The result from the query is:

{'SpotKey': '1',
 'SpotName': 'APX',
 'Denomination': 'eur/mwh',
 'Elements': [{'Date': '2016-05-05T00:00:00.0000000',
   'TimeSpans': [{'TimeSpan': '00:00-01:00', 'Value': 23.69},
    {'TimeSpan': '01:00-02:00', 'Value': 21.86},
    {'TimeSpan': '02:00-03:00', 'Value': 21.26},
    {'TimeSpan': '03:00-04:00', 'Value': 20.26},
    {'TimeSpan': '04:00-05:00', 'Value': 19.79},
    {'TimeSpan': '05:00-06:00', 'Value': 19.79},
...
    {'TimeSpan': '19:00-20:00', 'Value': 57.52},
    {'TimeSpan': '20:00-21:00', 'Value': 49.4},
    {'TimeSpan': '21:00-22:00', 'Value': 42.23},
    {'TimeSpan': '22:00-23:00', 'Value': 34.99},
    {'TimeSpan': '23:00-24:00', 'Value': 33.51}]}]}

where ‘Elements’ is the relevant list containing the timeseries, structured as nested dictionaries of ‘Date’ keys and ‘TimeSpans’ keys.

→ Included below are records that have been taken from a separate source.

(* Let $X\subseteq\mathcal A^{\mathbb Z}$ be a subshift generated by an everywhere growing directive sequence $\overleftarrow\sigma=(\sigma_n:\mathcal A_{n+1}^*\to\mathcal A_n^* )_{n\ge0}$ with $\mathcal A_0=\mathcal A$ and of finite alphabet rank. Assume that for every $n\ge0$ the incidence matrix $M(\sigma_n)$ is invertible over $\mathbb R$. Then any shift-invariant measure $\mu$ on $X$ is determined by the values $\mu([a])$, $a\in\mathcal A$; i.e. two invariant measures $\mu,\mu'$ on $X$ with $\mu([a])=\mu'([a])$ for all $a\in\mathcal A$ are equal.
   Context: Directive sequence: non-erasing monoid morphisms $\sigma_n:\mathcal A_{n+1}^*\to\mathcal A_n^*$ over finite alphabets, $\sigma_{[0,n)}=\sigma_0\circ\cdots\circ\sigma_{n-1}$; it generates the subshift of all $\mathbf x\in\mathcal A_0^{\mathbb Z}$ whose finite factors are factors of some $\sigma_{[0,n)}(a)$, $a\in\mathcal A_n$. Everywhere growing: $\min_{a\in\mathcal A_n}|\sigma_{[0,n)}(a)|\to\infty$. Finite alphabet rank: the cardinalities $\mathrm{card}(\mathcal A_n)$ are bounded. Incidence matrix $M(\sigma)=(|\sigma(a)|_b)_{b\in\mathcal B,a\in\mathcal A}$. $[a]=\{\mathbf x:x_1=a\}$. *)

From HB Require Import structures.
From mathcomp Require Import all_boot all_order all_algebra.
From mathcomp Require Import all_classical all_reals all_analysis.
Set Implicit Arguments. Unset Strict Implicit. Unset Printing Implicit Defensive.
Import Order.TTheory GRing.Theory Num.Theory.
Local Open Scope classical_set_scope.
Local Open Scope ring_scope.

(* A directive sequence: alphabets [A n] (finite types) and morphisms
   sigma n : A (n+1)^* -> A n^*, given by their images of letters. *)

Definition subst_word (B C : Type) (s : C -> seq B) (w : seq C) : seq B :=
  flatten (map s w).

(* sigma_[0,n) = sigma_0 o ... o sigma_(n-1) : A n^* -> A 0^* *)
Fixpoint sigma0n (A : nat -> Type) (sigma : forall n, A n.+1 -> seq (A n))
  (n : nat) : seq (A n) -> seq (A 0%N) :=
  match n return seq (A n) -> seq (A 0%N) with
  | 0 => fun w => w
  | m.+1 => fun w => @sigma0n A sigma m (subst_word (sigma m) w)
  end.
Arguments sigma0n {A} sigma n w.

Definition non_erasing (A : nat -> finType) (sigma : forall n, A n.+1 -> seq (A n)) :=
  forall n (a : A n.+1), sigma n a <> [::].

Definition everywhere_growing (A : nat -> finType) (sigma : forall n, A n.+1 -> seq (A n)) :=
  forall N : nat, exists n0 : nat, forall n, (n0 <= n)%N ->
    forall a : A n, (N <= size (sigma0n sigma n [:: a]))%N.

Definition finite_alphabet_rank (A : nat -> finType) :=
  exists K : nat, forall n, (#|A n| <= K)%N.

Definition incidence_matrix (R : nzRingType) (A : nat -> finType)
  (sigma : forall n, A n.+1 -> seq (A n)) (n : nat) : 'M[R]_(#|A n|, #|A n.+1|) :=
  \matrix_(i < #|A n|, j < #|A n.+1|)
     (count_mem (enum_val i) (sigma n (enum_val j)))%:R.

Definition mx_invertible (R : nzRingType) m n (M : 'M[R]_(m, n)) :=
  exists N : 'M[R]_(n, m), M *m N = 1%:M /\ N *m M = 1%:M.

(* configurations A^Z; the parameter b only provides the point required
   by MathComp-Analysis' measurable-space structure *)
Definition config (B : finType) (b : B) : Type := int -> B.
HB.instance Definition _ (B : finType) (b : B) := Choice.on (config b).
HB.instance Definition _ (B : finType) (b : B) :=
  isPointed.Build (config b) (fun _ => b).

Definition factor_at (B : Type) (x : int -> B) (i : int) (k : nat) : seq B :=
  [seq x (i + j%:Z) | j <- iota 0 k].

Definition gen_subshift (A : nat -> finType) (sigma : forall n, A n.+1 -> seq (A n))
  (b : A 0%N) : set (config b) :=
  [set x | forall (i : int) (k : nat), exists n (a : A n),
      infix (factor_at x i k) (sigma0n sigma n [:: a])].

(* cylinder sets {x | x_i = a}; they generate the Borel sigma-algebra of
   the product topology on A^Z *)
Definition cylinders (B : finType) (b : B) : set (set (config b)) :=
  [set C | exists (i : int) (a : B), C = [set x | x i = a]].

Definition shift_space (B : finType) (b : B) := g_sigma_algebraType (@cylinders B b).

Definition shift (B : finType) (b : B) (x : shift_space b) : shift_space b :=
  fun i => x (i + 1).

Definition letter_cyl (B : finType) (b : B) (a : B) : set (shift_space b) :=
  [set x | x 1 = a].

Definition invariant_measure_on (R : realType) (B : finType) (b : B)
  (X : set (shift_space b)) (mu : probability (shift_space b) R) :=
  (mu X = 1)%E /\
  forall E : set (shift_space b), measurable E ->
    mu (@shift B b @^-1` E) = mu E.

Arguments gen_subshift {A} sigma b.
Arguments cylinders {B} b.
Arguments shift_space {B} b.
Arguments shift {B} b x.
Arguments letter_cyl {B} b a.
Arguments invariant_measure_on {R B b} X mu.

From Pilot Require Import Defs.
From HB Require Import structures.
From mathcomp Require Import all_boot all_order all_algebra.
From mathcomp Require Import all_classical all_reals all_analysis.
From mathcomp Require Import zify ring lra.
Local Open Scope classical_set_scope.
Local Open Scope ring_scope.
Set Implicit Arguments. Unset Strict Implicit. Unset Printing Implicit Defensive.
Import Order.TTheory GRing.Theory Num.Theory.

(* Fix a nonempty word w and a length N, and a level n at which every
   sigma_[0,n)(a) has length at least N.  Invertibility of the incidence
   matrices gives M(sigma_[0,n)) a left inverse, hence weights F on letters with
   |sigma_[0,n)(a)|_w = sum_c F(c) |sigma_[0,n)(a)|_c for every a in A_n.  The
   discrepancy D(v) = |v|_w - sum_c F(c) |v|_c is additive up to |w| under
   concatenation and vanishes on the words sigma_[0,n)(a); as every factor of X
   lies inside a concatenation of such words, |D| = O(1 + |w| L / N) on factors
   of length L.  Averaging D over the cylinders of length L against an invariant
   measure mu on X gives (L - |w| + 1) mu[w] - L sum_c F(c) mu[c], so two
   invariant measures agreeing on letters satisfy |mu[w] - mu'[w]| <= 2 |w| / N
   for all N.  They thus agree on all cylinders, hence everywhere by the
   pi-lambda theorem. *)

Section Occurrences.
Variable B : eqType.
Implicit Types w v x y : seq B.

Definition occurs_at w v i : bool := take (size w) (drop i v) == w.

Definition occurrences w v : nat := (\sum_(0 <= i < size v) occurs_at w v i)%N.

Lemma sum_bool_nat_le m n (P : nat -> bool) : (\sum_(m <= i < n) P i <= n - m)%N.
Proof.
apply: (@leq_trans (\sum_(m <= i < n) 1)%N); last by rewrite sum_nat_const_nat muln1.
by apply: leq_sum => i _; apply: leq_b1.
Qed.

Lemma occurrences_le_size w v : (occurrences w v <= size v)%N.
Proof. by have := sum_bool_nat_le 0 (size v) (occurs_at w v); rewrite subn0. Qed.

Lemma occurrences_cat w x y : occurrences w (x ++ y) =
  (\sum_(0 <= i < size x) occurs_at w (x ++ y) i + occurrences w y)%N.
Proof.
rewrite /occurrences size_cat (@big_cat_nat _ _ _ (size x)) ?leq_addr //=.
congr (_ + _)%N; rewrite -{1}(add0n (size x)) big_addn addKn.
by apply: eq_bigr => i _; rewrite /occurs_at drop_cat ltnNge leq_addl addnK.
Qed.

Lemma occurrences_cat_ge w x y :
  (occurrences w x + occurrences w y <= occurrences w (x ++ y))%N.
Proof.
rewrite occurrences_cat leq_add2r /occurrences big_seq [X in (_ <= X)%N]big_seq.
apply: leq_sum => i; rewrite mem_index_iota => /andP [_ ix].
rewrite /occurs_at drop_cat ix; case: eqP => // occ_w.
have w_fits : (size w <= size (drop i x))%N.
  by rewrite -{1}occ_w size_take_min geq_minr.
by rewrite takel_cat // occ_w eqxx.
Qed.

Lemma occurrences_cat_le w x y :
  (occurrences w (x ++ y) <= occurrences w x + occurrences w y + size w)%N.
Proof.
rewrite occurrences_cat addnAC leq_add2r.
apply: (@leq_trans (\sum_(0 <= i < size x)
                      (occurs_at w x i + (size x < i + size w))%N)).
  rewrite big_seq [X in (_ <= X)%N]big_seq.
  apply: leq_sum => i; rewrite mem_index_iota => /andP [_ ix].
  case: ltnP => straddle; first by rewrite addn1 (leq_trans (leq_b1 _)).
  rewrite addn0 /occurs_at drop_cat ix takel_cat // size_drop; lia.
rewrite big_split leq_add2l /=.
have [wx|xw] := leqP (size w) (size x); last first.
  by apply: leq_trans (sum_bool_nat_le _ _ _) _; rewrite subn0 ltnW.
rewrite (@big_cat_nat _ _ _ (size x - size w)) ?leq_subr //= big_nat big1.
  by rewrite add0n; apply: leq_trans (sum_bool_nat_le _ _ _) _; rewrite subKn.
by move=> i /andP [_ iw]; apply/eqP; rewrite eqb0 -leqNgt; lia.
Qed.

Lemma occurrences_letter c v : occurrences [:: c] v = count_mem c v.
Proof.
elim: v => [|a v IH]; first by rewrite /occurrences big_geq.
rewrite /occurrences /= big_nat_recl //= -/(occurrences [:: c] v) IH.
by rewrite /occurs_at /= take0 eqseq_cons andbT.
Qed.

End Occurrences.

Lemma cat_eq_cases (T : Type) (x y p z : seq T) : x ++ y = p ++ z ->
  (exists2 q, x = p ++ q & z = q ++ y) \/ (exists2 q, p = x ++ q & y = q ++ z).
Proof.
elim: x p => [|a x IH] [|c p] /=.
- by left; exists [::].
- by move=> ->; right; exists (c :: p).
- by move=> <-; left; exists (a :: x).
- by case=> -> /IH [[q -> ->]|[q -> ->]]; [left|right]; exists q.
Qed.

Lemma infix_cat_cases (T : eqType) (v x y : seq T) : infix v (x ++ y) ->
  [\/ infix v x, infix v y |
      exists v1 v2, [/\ v = v1 ++ v2, suffix v1 x & prefix v2 y]].
Proof.
case/infixP => p [s /cat_eq_cases [[q Ex]|[q _ ->]]]; last first.
  by apply: Or32; apply/infixP; exists q, s.
case/cat_eq_cases => [[r -> ->]|[r Eq _]].
  apply: Or33; exists q, r; split => //.
    by apply/suffixP; exists p.
  by apply/prefixP; exists s.
by apply: Or31; apply/infixP; exists p, r; rewrite Ex Eq.
Qed.

Section QuasiAdditive.
Variables (R : realDomainType) (B : eqType) (D : seq B -> R) (e K : R).
Hypothesis D_cat : forall x y, `|D (x ++ y) - (D x + D y)| <= e.
Variables (I : Type) (tau : I -> seq B) (beta Bm : nat).
Hypothesis D_tau : forall i, D (tau i) = 0.
Hypothesis tau_long : forall i, (beta <= size (tau i))%N.
Hypothesis tau_short : forall i, (size (tau i) <= Bm)%N.
Hypothesis D_short : forall v, (size v <= Bm)%N -> `|D v| <= K.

Each ‘TimeSpans’ keys contains other nested dictionaries for each hour of the day, with a ‘TimeSpan’ key for the hour and a ‘Value’ key for the price.

I would like to transform it to a dataframe like:

Datetime           eur/mwh
2016-05-05 00:00:00 23.69
2016-05-05 01:00:00 21.86
2016-05-05 02:00:00 21.26
2016-05-05 03:00:00 20.26
2016-05-05 04:00:00 19.79
... ...
2016-12-05 19:00:00 57.52
2016-12-05 20:00:00 49.40
2016-12-05 21:00:00 42.23
2016-12-05 22:00:00 34.99
2016-12-05 23:00:00 33.51

For the time being I managed to do so doing:

df = pd.concat([pd.DataFrame(x) for x in result['Elements']])
df['Date'] = pd.to_datetime(df['Date'] + ' ' + [x['TimeSpan'][:5] for x in df['TimeSpans']], errors='coerce')
df[result['Denomination']] = [x['Value'] for x in df['TimeSpans']]
df = df.set_index(df['Date'], drop=True).drop(columns=['Date','TimeSpans'])
df = df[~df.index.isnull()]

I did so because the daylight-saving-time is replacing the ‘TimeSpan’ hourly values with ‘dts’ string, giving ParseDate errors when creating the datetime index.
Since I will request data very frequently and potentially for different granularities (e.g. half-hourly), is there a better / quicker / standard way to shape so many nested dictionaries into a dataframe with the format I look for, that allows to avoid the parsing date error for daylight-saving-time changes?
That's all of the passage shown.